# Task to complete:
Write out again the entries from the first line to the line that includes "have dT : d%:R", keeping both of those lines.

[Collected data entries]
Lemma sum_budget_loss_le1 : \sum_(i in eligible t L) loss i <= 1.
Proof.
have D4 : (0 : R) < d%:R ^+ 4 by rewrite exprn_gt0 // ltr0n.
set E := eligible t L; set T := \sum_(l < d) wdiff l.
have T_ge0 : 0 <= T by apply: sumr_ge0 => l _; rewrite subr_ge0 weight_leS.
have full_wdiff l : l \notin E -> d%:R * wdiff l = d%:R ^+ 3.
  rewrite eligibleE -ltnNge => Lls.
  by rewrite /allowance (eqP (_ : s.+1 - L l == 0)%N) ?subn_eq0 // weight0S -exprS.
have dT : d%:R * T <= \sum_(i in E) wspend i + \sum_(l < d | l \notin E) d%:R ^+ 3.
  rewrite /T mulr_sumr (bigID (mem E)) /= [X in _ + X <= _](eq_bigr _ full_wdiff) lerD2r.
  apply: ler_sum => l; rewrite eligibleE => Lls.
  by apply: weight_step; rewrite // /allowance subn_gt0 ltnS.
have kT : \sum_(i in E) T <= d%:R * T.
  rewrite mulr_natl -[X in _ *+ X]card_ord -sumr_const.
  by rewrite [X in _ <= X](bigID (mem E)) /= lerDl sumr_ge0.
rewrite -(ler_pM2l D4) mulr1 mulr_sumr (eq_bigr _ (fun i _ => budget_lossE i)).
have -> : d%:R ^+ 4 = \sum_(l < d) d%:R ^+ 3 :> R.
  by rewrite sumr_const card_ord exprSr mulr_natr.
rewrite [X in _ <= X](bigID (mem E)) /= sumrB big_split /=.
lra.
Qed.

Hypothesis capL : capped s L.

Lemma excess_eligible :
  excess s L = \sum_(i in eligible t L) (a ^+ nholes s L i - a).
Proof.
rewrite /excess (bigID (mem (eligible t L))) /= [X in _ + X]big1 ?addr0 // => l.
rewrite eligibleE -ltnNge => Lls.
by rewrite /nholes (_ : s.+2 - L l = 1)%N ?expr1 ?subrr //; have := capL l; lia.
Qed.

# Solution to this exercise:
Lemma sum_budget_loss_le1 : \sum_(i in eligible t L) loss i <= 1.
Proof.
have D4 : (0 : R) < d%:R ^+ 4 by rewrite exprn_gt0 // ltr0n.
set E := eligible t L; set T := \sum_(l < d) wdiff l.
have T_ge0 : 0 <= T by apply: sumr_ge0 => l _; rewrite subr_ge0 weight_leS.
have full_wdiff l : l \notin E -> d%:R * wdiff l = d%:R ^+ 3.
  rewrite eligibleE -ltnNge => Lls.
  by rewrite /allowance (eqP (_ : s.+1 - L l == 0)%N) ?subn_eq0 // weight0S -exprS.
have dT : d%:R * T <= \sum_(i in E) wspend i + \sum_(l < d | l \notin E) d%:R ^+ 3.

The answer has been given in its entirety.